I imagined myself in their position and what I would do if my child who I loved and raised and taught the Bible came home and told me similar news.
I thought about this for a while, and then I imagined Jesus saying this to me.
“Do you deserve a home? Did you deserve a home all those times you sinned and I poured down grace upon you? Do you deserve a home now as you continue to struggle with those inner battles and I continue to pour down my grace upon you? Are you worthy of a home? To me you are. That’s why I came and died for you. To give you a home.”
In this scenario, kicking a child out of the house communicates that she is no longer deserving of a home. Her sin is too great. She is too disgraceful. She is no longer welcome. It is not as if the rest of the family is in danger or her parents are trying to break a cycle of enabling of a life-threatening behavior.
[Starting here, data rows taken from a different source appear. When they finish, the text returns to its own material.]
Lemma continuous_Rn_sum (I : eqType) (r : seq I) (F : I -> Rn n -> R) :
  (forall k, continuous_Rn (F k)) -> continuous_Rn (fun x => \big[Rplus/0]_(k <- r) F k x).
Proof.
move=> H; elim: r => [|a r IH].
  by apply: (continuous_Rn_ext (f := fun _ => 0)) => [x|]; rewrite ?big_nil //;
    exact: continuous_Rn_const.
apply: (continuous_Rn_ext (f := fun x => F a x + \big[Rplus/0]_(k <- r) F k x)) => [x|].
  by rewrite big_cons.
exact: continuous_Rn_plus.
Qed.

End ContinuityRn.

Lemma continuous_on_sub n (U : Rn n -> Prop) (u g : Rn n -> R) :
  continuous_on U u -> continuous_Rn g -> continuous_on U (fun x => u x - g x).
Proof.
move=> Hu Hg x Ux eps He.
have [d1 [Hd1 H1]] := Hu x Ux (eps / 2) ltac:(lra).
have [d2 [Hd2 H2]] := Hg x (eps / 2) ltac:(lra).
exists (Rmin d1 d2); split => [|y Uy Hy]; first exact: Rmin_pos.
have := H1 y Uy (Rlt_le_trans _ _ _ Hy (Rmin_l _ _)).
have := H2 y (Rlt_le_trans _ _ _ Hy (Rmin_r _ _)).
by split_Rabs; lra.
Qed.

Section PartialDerivatives.
Variables (n : nat) (i : 'I_n).
Implicit Types f g : Rn n -> R.

Lemma vadd_vscal0 (x v : Rn n) : vadd x (vscal 0 v) = x.
Proof. by apply: functional_extensionality => j; rewrite /vadd /vscal; ring. Qed.

Lemma has_partial_ext f g x l :
  (forall y, f y = g y) -> has_partial i f x l -> has_partial i g x l.
Proof.
move=> E; rewrite /has_partial.
by have -> : (fun t => g (vadd x (vscal t (ebasis i)))) = (fun t => f (vadd x (vscal t (ebasis i))))
  by apply: functional_extensionality => t; rewrite E.
Qed.

Lemma has_partial_eq f x l l' : has_partial i f x l -> l = l' -> has_partial i f x l'.
Proof. by move=> H <-. Qed.

Lemma has_partial_const c x : has_partial i (fun _ => c) x 0.
Proof. exact: derivable_pt_lim_const. Qed.

Lemma has_partial_coord (k : 'I_n) x : has_partial i (fun y => y k) x (if k == i then 1 else 0).
Proof.
rewrite /has_partial /vadd /vscal /ebasis; set c := (if k == i then 1 else 0).
have H := derivable_pt_lim_plus (fun _ => x k) (fun t => t * c) 0 0 (1 * c)
  (derivable_pt_lim_const _ _) (derivable_pt_lim_scal_right _ _ _ _ (derivable_pt_lim_id 0)).
by rewrite Rplus_0_l Rmult_1_l in H.
Qed.

Lemma has_partial_plus f g x l1 l2 :
  has_partial i f x l1 -> has_partial i g x l2 -> has_partial i (fun y => f y + g y) x (l1 + l2).
Proof. exact: derivable_pt_lim_plus. Qed.

Lemma has_partial_mult f g x l1 l2 :
  has_partial i f x l1 -> has_partial i g x l2 ->
  has_partial i (fun y => f y * g y) x (l1 * g x + f x * l2).
Proof.
move=> H1 H2; have := derivable_pt_lim_mult _ _ _ _ _ H1 H2.
by rewrite /= vadd_vscal0.
Qed.

Lemma has_partial_scal c f x l : has_partial i f x l -> has_partial i (fun y => c * f y) x (c * l).
Proof.
move=> H; apply: has_partial_eq; first exact: (has_partial_mult (has_partial_const c x) H).
by rewrite Rmult_0_l Rplus_0_l.
Qed.

Lemma has_partial_comp f (h : R -> R) x lh l :
  derivable_pt_lim h (f x) lh -> has_partial i f x l -> has_partial i (fun y => h (f y)) x (lh * l).
Proof.
move=> Hh Hf; rewrite -(vadd_vscal0 x (ebasis i)) in Hh.
exact: (derivable_pt_lim_comp _ _ _ _ _ Hf Hh).
Qed.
If this is the case, I should have been homeless a long, long time ago.
As Christians, we must respond to each other – especially our family members and children – in Spirit-led mercy. We all sin and we all fall short of God’s standard (Romans 3:23). To take this away from a person is trying to play God to them and nullify the Cross in their life – the life Christ died for.
I am not a parent. I am not facing this issue in my life right now. However, I pray in humility that if God blesses us with a child, I will walk in Spirit-led mercy as I raise her, discipline her, and teach her. And if God does not bless us with a child, then I pray that I will continually be humbled through the experiences around me, that I, too, every day, deserve to be homeless.
The Cross of Jesus is the only thing that makes me worthy of a home.